С этого дня Иосиф стал жить при кухне, лично подавал на стол начальнику фаршированную рыбу, а тот не уставал спрашивать, много ли у отца еще пломб во рту. На этот вопрос отец всегда делал такие загадочные глаза, что можно было подумать о наличии во всех оставшихся у него зубах пломб весом не менее, чем в два карата…
Спал отец в маленькой подсобке, оборудовав ее наподобие комнатки; питался со стола начальника, доедая за ним рыбу-фиш, постепенно отъедался и даже завел небольшой кругленький животик, который в досужие часы любил поглаживать…
Из окошка кухни ему была хорошо видна дверка в заборе, так жестоко разделившей мужские и женские судьбы, и иногда Иосиф открывал форточку, прислушиваясь к улице. Ему казалось, что из-за забора доносятся веселые женские крики, смех, игривые призывы, и от этих галлюцинаций он становился сам не свой, его душа приходила в нервное состояние, а рука сама собой опускалась в лагерные штаны…
Как-то весенним мартовским утром отцу стало совсем плохо. Он понял, что пройди еще один месяц, лишенный женского тепла и его тело с душой не выдержат и разъединятся…
Иосиф решил действовать! Он выковырял из зуба пломбу с последним бриллиантом и пошел к начальнику лагеря на поклон.
— Чего ты хочешь за него? — ласково спросил начальник. Иосиф мгновение помялся и, потупив печальные очи, ответил:
— Хочу ходить вечерами в дверку…
Взяточник захохотал и, сально отсмеявшись, дал свое «добро», но, однако, предупредил, что на женской половине ему можно находится только один час в сутки, с восьми до девяти вечера, когда там отсутствует жестокая Ши Линь — главная надзирательница. Она люто ненавидит мужчин, и попадись ей Иосиф — быть ему тогда евнухом на все оставшиеся времена… Напоследок начальник выписал отцу пропуск и, тут же забыв о нем, стал разглядывать свой бриллиант в лупу…

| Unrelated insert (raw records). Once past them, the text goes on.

Lemma pair_multinomial_mulq p s q : q%:R * F p s q
  = (2 * p + s + q)%:R * (if q is q'.+1 then F p s q' else 0).
Proof.
case: q => [|q]; first by rewrite mul0r mulr0.
by rewrite /F addnS !factS !natrM; field; field_neq0.
Qed.

Lemma pair_multinomial_muls p s q : s%:R * F p s q
  = (2 * p + s + q)%:R * (if s is s'.+1 then F p s' q else 0).
Proof.
case: s => [|s]; first by rewrite mul0r mulr0.
by rewrite /F addnS addSn !factS !natrM; field; field_neq0.
Qed.

Lemma pair_multinomial_mul_unpair p s q : (2 * p)%:R * F p s q
  = (2 * p + s + q)%:R * (if p is p'.+1 then s.+1%:R * F p' s.+1 q else 0).
Proof.
case: p => [|p]; first by rewrite muln0 mul0r mulr0.
by rewrite /F mulnS add2n addnS !addSn !factS !natrM exprS; field; field_neq0.
Qed.

Lemma pair_multinomial_mul_remove p s q : (2 * p)%:R * F p s q
  = (2 * p + s + q)%:R * (if p is p'.+1 then (2 * p' + s + q).+1%:R * F p' s q else 0).
Proof.
case: p => [|p]; first by rewrite muln0 mul0r mulr0.
by rewrite /F mulnS add2n !addSn !factS !natrM exprS; field; field_neq0.
Qed.

Lemma pair_multinomial_unpair p s q : (0 < 2 * p + s + q)%N ->
  F p s q = (if q is q'.+1 then F p s q' else 0)
          + (if s is s'.+1 then F p s' q else 0)
          + (if p is p'.+1 then s.+1%:R * F p' s.+1 q else 0).
Proof.
move=> N_gt0; apply: (@mulfI _ (2 * p + s + q)%:R); first by rewrite pnatr_eq0 -lt0n.
rewrite !mulrDr -pair_multinomial_mulq -pair_multinomial_muls.
by rewrite -pair_multinomial_mul_unpair !natrD; ring.
Qed.

Lemma pair_multinomial_remove p s q : (0 < 2 * p + s + q)%N ->
  F p s q = (if q is q'.+1 then F p s q' else 0)
          + (if s is s'.+1 then F p s' q else 0)
          + (if p is p'.+1 then (2 * p' + s + q).+1%:R * F p' s q else 0).
Proof.
move=> N_gt0; apply: (@mulfI _ (2 * p + s + q)%:R); first by rewrite pnatr_eq0 -lt0n.
rewrite !mulrDr -pair_multinomial_mulq -pair_multinomial_muls.
by rewrite -pair_multinomial_mul_remove !natrD; ring.
Qed.

End PairMultinomial.

Section Summands.
Variables (C : numClosedFieldType) (r : C).
Local Notation F := (@pair_multinomial C).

Этот день Иосиф решил отмечать как религиозный праздник, всю жизнь. Он целых десять минут благодарил Моисея, шепча молитвы, и сочувствовал своим далеким предкам, добровольно отказавшимся от женщин, дабы служить религии. Затем отец побрился, подстриг запущенные волосы, а завершил гигиенические процедуры мытьем тела в пищевой кастрюле, из которой обычно ели младшие надзиратели зоны.
Посвежевший, в чистых штанах, он все же робко подходил к двери, загодя доставая из кармана пропуск. Часовой, пробежав бумажку глазами, распахнул перед Иосифом врата рая, и он шагнул в него, заранее задыхаясь от восторга, готовый припуститься во всю прыть к райскому строению… Его свежий порыв остановил часовой.
— У тебя три минуты, — предупредил он. — Скоро девять…
Господи, охолонуло Иосифа. Всего три минуты… Не раздумывая, влекомый могучим инстинктом, он, словно волк за бараном, помчался со всех ног к ближайшему бараку и, считая время про себя, успел лишь краем глаза заглянуть в окошко, как пришлось уже бежать обратно, чтобы не попасть в кровавые объятия Ши Линь…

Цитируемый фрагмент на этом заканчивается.